- The Washington Times - Saturday, May 31, 2003

KRAKOW, Poland — President Bush, still miffed at the French and other “old Europe” nations that opposed the U.S.-led war in Iraq, said yesterday that he is prepared to bury the hatchet and urge European leaders to join the fight against terrorism.

Arriving in Poland at the start of a weeklong trip that culminates in Jordan with a Middle East peace summit, the president said his meeting tomorrow at the Group of Eight economic summit in Evian, France, with French President Jacques Chirac will not be confrontational.

“Absolutely not. [The G-8 meeting is] an opportunity to talk with some who agreed with us on Iraq and some who didn’t about how we move forward,” he said.

Still, reverberations from France’s role in opposing the war, which included soliciting other countries to reject Mr. Bush’s policy on Iraqi dictator Saddam Hussein, were clear in the president’s comments yesterday to foreign journalists.

“There is a sense of frustration and disappointment amongst the American people toward the French decision,” he said. “That’s realistic. People didn’t understand the decisions by the French leadership to thwart the American desire, and the desire of others, to work on security and freedom — security for our countries and freedom in Iraq.

“I’ve got work to do to convince the skeptics in France that the intentions of the United States are positive. And the French leadership has got work to do to convince the American people that they are concerned about the security of our country.”

Mr. Bush said nothing upon landing in Poland last night after an eight-hour flight from Andrews Air Force Base aboard Air Force One.

While he preached reconciliation, Mr. Bush’s brief stop in Poland is a clear reward for that nation’s strong support on the war in Iraq.

“I think it’s very important for the Polish people to understand how deeply Americans appreciate their sacrifice and their courage and their willingness to work with us in Iraq and in Afghanistan,” he said.

And the president warned other nations not to snub Poland for its pro-U.S. stance.

“I think it’s unfortunate that some of the countries in Europe will try to bully Poland for standing up for what you think — what they think is right. And I’m going to say in my speech, Poland needs to be in the [European Union] and Poland can be a friend of the United States, and the two are not in conflict,” Mr. Bush said.

After his Polish stop, Mr. Bush will travel to St. Petersburg, Russia, for a bilateral meeting with President Vladimir Putin, who also opposed the war in Iraq, then go to the Evian conference, and thereafter to the Middle East.

While in Poland, Mr. Bush will deliver his only speech of the trip at Wawel Palace — an 11th-century castle on the banks of the Vistula River in Poland’s third-largest city. The speech will lay out the broad goals of joint U.S. and European interests and urge foreign leaders to join in future efforts to thwart terrorists at every turn.

“It’s a speech, really, to Europe that says that our common values are strong and that we welcome the emergence of countries like — free countries like Poland, and as well as we must be reminded of the lessons of the past,” Mr. Bush said.

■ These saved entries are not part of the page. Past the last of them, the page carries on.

(* Let $\mathbf{L}$ be a distributive lattice, $n\ge1$ an integer, $F$ an $n$-filter on $\mathbf{L}$ and $x,y\in\mathbf{L}$. Then \[ \langle F,x\rangle_n\cap\langle F,y\rangle_n=\langle F,x\vee y\rangle_n, \] where $\langle F,z\rangle_n$ denotes the $n$-filter generated by $F\cup\{z\}$.
   Context: For a set $X$, $Y\subseteq_n X$ means $Y$ is a non-empty subset of $X$ with $|Y|\le n$. An $n$-filter on a lattice is an upset $F$ such that for every non-empty finite $X\subseteq F$: if $\bigwedge Y\in F$ for every $Y\subseteq_n X$ then $\bigwedge X\in F$. The $n$-filter generated by a set is the smallest $n$-filter containing it. *)

From mathcomp Require Import all_boot all_order.
Set Implicit Arguments. Unset Strict Implicit. Unset Printing Implicit Defensive.
Import Order.Theory.
Local Open Scope order_scope.

(* Subsets of a lattice are predicates L -> Prop. A non-empty finite subset
   is represented by a non-empty list [x :: s]; its meet is [meetl x s]. *)
Definition meetl {d} {L : latticeType d} (x : L) (s : seq L) : L :=
  foldr Order.meet x s.

Definition upset {d} {L : latticeType d} (F : L -> Prop) : Prop :=
  forall a b : L, F a -> a <= b -> F b.

Definition nfilter {d} {L : latticeType d} (n : nat) (F : L -> Prop) : Prop :=
  upset F /\
  forall (x : L) (s : seq L),
    (forall a, a \in x :: s -> F a) ->
    (forall (y : L) (t : seq L),
        {subset y :: t <= x :: s} -> size (y :: t) <= n -> F (meetl y t)) ->
    F (meetl x s).

Definition ngen {d} {L : latticeType d} (n : nat) (S : L -> Prop) : L -> Prop :=
  fun z => forall G : L -> Prop, nfilter n G -> (forall a, S a -> G a) -> G z.

Definition ngen_with {d} {L : latticeType d} (n : nat) (F : L -> Prop) (z : L)
  : L -> Prop := ngen n (fun a => F a \/ a = z).

From mathcomp Require Import all_boot all_order.
Import Order.Theory.
Local Open Scope order_scope.

Set Implicit Arguments.
Unset Strict Implicit.
Unset Printing Implicit Defensive.

(* By distributivity, for an n-filter G and any c the set {a | a ∨ c ∈ G} is
   again an n-filter.  So if G is an n-filter containing F and x ∨ y, then
   z ∈ <F,x>_n gives z ∨ y ∈ G, and applying the same argument to
   z ∈ <F,y>_n with c = z gives z = z ∨ z ∈ G.  The reverse inclusion is
   monotonicity of generation. *)

Lemma subset_map_preim (T U : eqType) (f : T -> U) (w : seq T) (u : seq U) :
  {subset u <= map f w} -> exists2 v, {subset v <= w} & map f v = u.
Proof.
elim: u => [|b u IH] sub_u; first by exists [::].
have [v sub_v <-] : exists2 v, {subset v <= w} & map f v = u.
  by apply: IH => a ua; apply: sub_u; rewrite in_cons ua orbT.
have /mapP[a wa ->] : b \in map f w by apply: sub_u; rewrite mem_head.
exists (a :: v) => // e; rewrite in_cons => /predU1P[-> //|]; exact: sub_v.
Qed.

Section NFilter.
Context {d : Order.disp_t} {L : distrLatticeType d}.
Implicit Types (S G : L -> Prop) (n : nat).

Lemma joinl_meetl (c x : L) (s : seq L) :
  meetl x s `|` c = meetl (x `|` c) (map (fun a => a `|` c) s).
Proof. by elim: s => [|a s IH] //=; rewrite joinIl IH. Qed.

Lemma nfilter_preim_join n G (c : L) :
  nfilter n G -> nfilter n (fun a => G (a `|` c)).
Proof.
move=> [G_up G_meet]; split=> [a b Ga le_ab|x s G_xs G_small].
  by apply: G_up Ga _; rewrite leU2.
rewrite joinl_meetl; apply: G_meet.
  by rewrite -[_ :: _]/(map _ (x :: s)) => _ /mapP[a xs_a ->]; apply: G_xs.
move=> y t sub_yt size_yt.
have [[|a v] //= sub_v [<- eq_t]] :=
  subset_map_preim (f := Order.join^~ c) (w := x :: s) sub_yt.
rewrite -eq_t -joinl_meetl; apply: G_small sub_v _.
by rewrite -eq_t /= size_map in size_yt.
Qed.

Lemma ngen_nfilter n S : nfilter n (ngen n S).
Proof.
split=> [a b Sa le_ab G G_nf S_G|x s Sxs S_small G G_nf S_G].
  exact: G_nf.1 _ _ (Sa G G_nf S_G) le_ab.
apply: G_nf.2 => [a xs_a|y t sub_yt size_yt]; first exact: Sxs.
exact: S_small.
Qed.

Lemma ngen_ge n S (a b : L) : S a -> a <= b -> ngen n S b.
Proof. by move=> Sa le_ab G G_nf S_G; apply: G_nf.1 (S_G a Sa) le_ab. Qed.

Lemma ngen_preim_join n S G (c z : L) :
  ngen n S z -> nfilter n G -> (forall a, S a -> G (a `|` c)) -> G (z `|` c).
Proof. by move=> Sz G_nf; apply: Sz; apply: nfilter_preim_join. Qed.

Lemma ngen_with_anti n F (x x' z : L) :
  x <= x' -> ngen_with n F x' z -> ngen_with n F x z.
Proof.
move=> le_xx' x'z; apply: x'z (ngen_nfilter _ _) _ => a [Fa|->].
  exact: ngen_ge (or_introl Fa) (lexx a).
exact: ngen_ge (or_intror erefl) le_xx'.
Qed.

Lemma ngen_withI n F (x y z : L) :
  ngen_with n F x z -> ngen_with n F y z -> ngen_with n F (x `|` y) z.
Proof.
move=> xz yz G G_nf FxyG.
have FG a b : F a -> G (a `|` b).
  by move=> Fa; apply: G_nf.1 (FxyG a (or_introl Fa)) _; rewrite leUl.
have zyG : G (z `|` y).
  apply: (ngen_preim_join xz G_nf) => a [/FG //|->].
  exact: FxyG (or_intror erefl).
rewrite -[z]joinxx; apply: (ngen_preim_join yz G_nf) => a [/FG //|->].
by rewrite joinC.
Qed.

End NFilter.

Theorem mainTheorem9 (d : Order.disp_t) (L : distrLatticeType d) (n : nat)
  (hn : (1 <= n)%N) (F : L -> Prop) (hF : nfilter n F) (x y : L) :
  forall z : L, (ngen_with n F x z /\ ngen_with n F y z) <-> ngen_with n F (x `|` y) z.
Proof.
move=> z; split=> [[xz yz]|xyz]; first exact: ngen_withI.
by split; apply: ngen_with_anti xyz; rewrite ?leUl ?leUr.
Qed.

His 15-hour stay in Poland also will include a stop at Auschwitz and Birkenau, two World War II concentration camps 50 miles west of Krakow, where Germans killed more than 1.5 million people, 90 percent of them Jewish.

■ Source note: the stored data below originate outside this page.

Lemma monochromatic_path_dim (i j l : 'I_M) : i < j -> j < l ->
  pair_colour i j = pair_colour j l -> k < t.
Proof.
move=> lt_ij lt_jl [eq_foot /ffunP eq_cross].
have neq_ij : i != j by rewrite -val_eqE /= neq_ltn lt_ij.
have neq_li : l != i by rewrite -val_eqE /= neq_ltn (ltn_trans lt_ij lt_jl) orbT.
have [ds0 separator_i sep_i] := foot_separatorP i.
have sep_j : separates None (foot j) ds0 by apply: separator_separates; rewrite -eq_foot.
have /fin_all_exists[ds ds_sep] : forall p : 'I_k, exists ds,
    separates (leg i p) (leg j (rev_ord p)) ds /\
    separates (leg j p) (leg l (rev_ord p)) ds.
  move=> p; have [ds sep_eq sep_ij] := cross_separatorP p neq_ij.
  exists ds; split=> //; apply: separator_separates.
  by move: (eq_cross p); rewrite !ffunE sep_eq.
have ds_foot p : (ds p).1 != ds0.1.
  by apply/eqP=> /(cross_separator_not_foot p sep_i sep_j); rewrite (ds_sep p).1.
pose D (o : option 'I_k) := if o is Some p then (ds p).1 else ds0.1.
have D_inj : injective D.
  case=> [p|] [p'|] //= eq_D.
  - congr Some; have [ij_p jl_p] := ds_sep p; have [ij_p' jl_p'] := ds_sep p'.
    exact: cross_separators_inj neq_li eq_D ij_p jl_p ij_p' jl_p'.
  - by have := ds_foot p; rewrite eq_D eqxx.
  - by have := ds_foot p'; rewrite eq_D eqxx.
by have := leq_card D D_inj; rewrite card_option !card_ord.
Qed.

Lemma spider_box_dim : 2 ^ (t.*2.+1 ^ k.+1) < M -> k < t.
Proof.
rewrite -card_colour => /(pair_colouring_path pair_colour)[i [j [l [lt_ij lt_jl]]]].
exact: monochromatic_path_dim.
Qed.

End SpiderBoxicity.

Theorem theorem2 (R : realType) (k : nat) : (1 <= k)%N ->
  exists (T : finType) (e : rel T),
    is_tree e /\ boxicity_gt R (graph_pow e k) k.
Proof.
pose M := (2 ^ (k.*2.+1 ^ k.+1)).+1.
(* The construction needs no lower bound on k. *)
move=> _; exists (option ('I_M * 'I_k.+1)), (spider_rel M k).
split; first exact: is_tree_spider.
move=> [t [le_tk [f f_rep]]].
suff : k < t by rewrite ltnNge le_tk.
apply: (spider_box_dim f_rep).
by rewrite ltnS leq_pexp2l // leq_exp2r // ltnS leq_double.
Qed.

“I’m also going to Auschwitz to remind people that we must confront evil when we find it, and there’s no better place to remind people that there has been evil in the world than at Auschwitz,” Mr. Bush said.

The European leg of the trip is being watched for signs of a thaw between the United States and nations that opposed the war. But before departing on the trip, the White House announced the president would cut short his stay in France by one day, missing a dinner thrown by Mr. Chirac, as well as the reading of the final statement by G-8 leaders.

At the economic conference in Evian, on the banks of Lake Geneva, Mr. Bush will not meet with German Chancellor Gerhard Schroeder, a foe of the U.S.-led war.

Besides the leaders of the United States, France, Germany and Russia, the G-8 summit will be attended by Prime Ministers Tony Blair of Britain, Jean Chretien of Canada, Junichiro Koizumi of Japan and Silvio Berlusconi of Italy.

But Mr. Bush’s message to the French leader will look forward, not backward.

“I think that the time has moved beyond us where there was recriminations or disagreements about previous issues,” he said. “My decision is to go and to say to the French government: Let us work together for a Europe which is whole, free and at peace.”

Secretary of State Colin L. Powell told reporters aboard Air Force One that the United States is prepared to forgive — but not completely forget.

“That’s not to say we don’t have bad blood with our closest friends and partners, but you move on,” he said. “Let’s talk about the future.”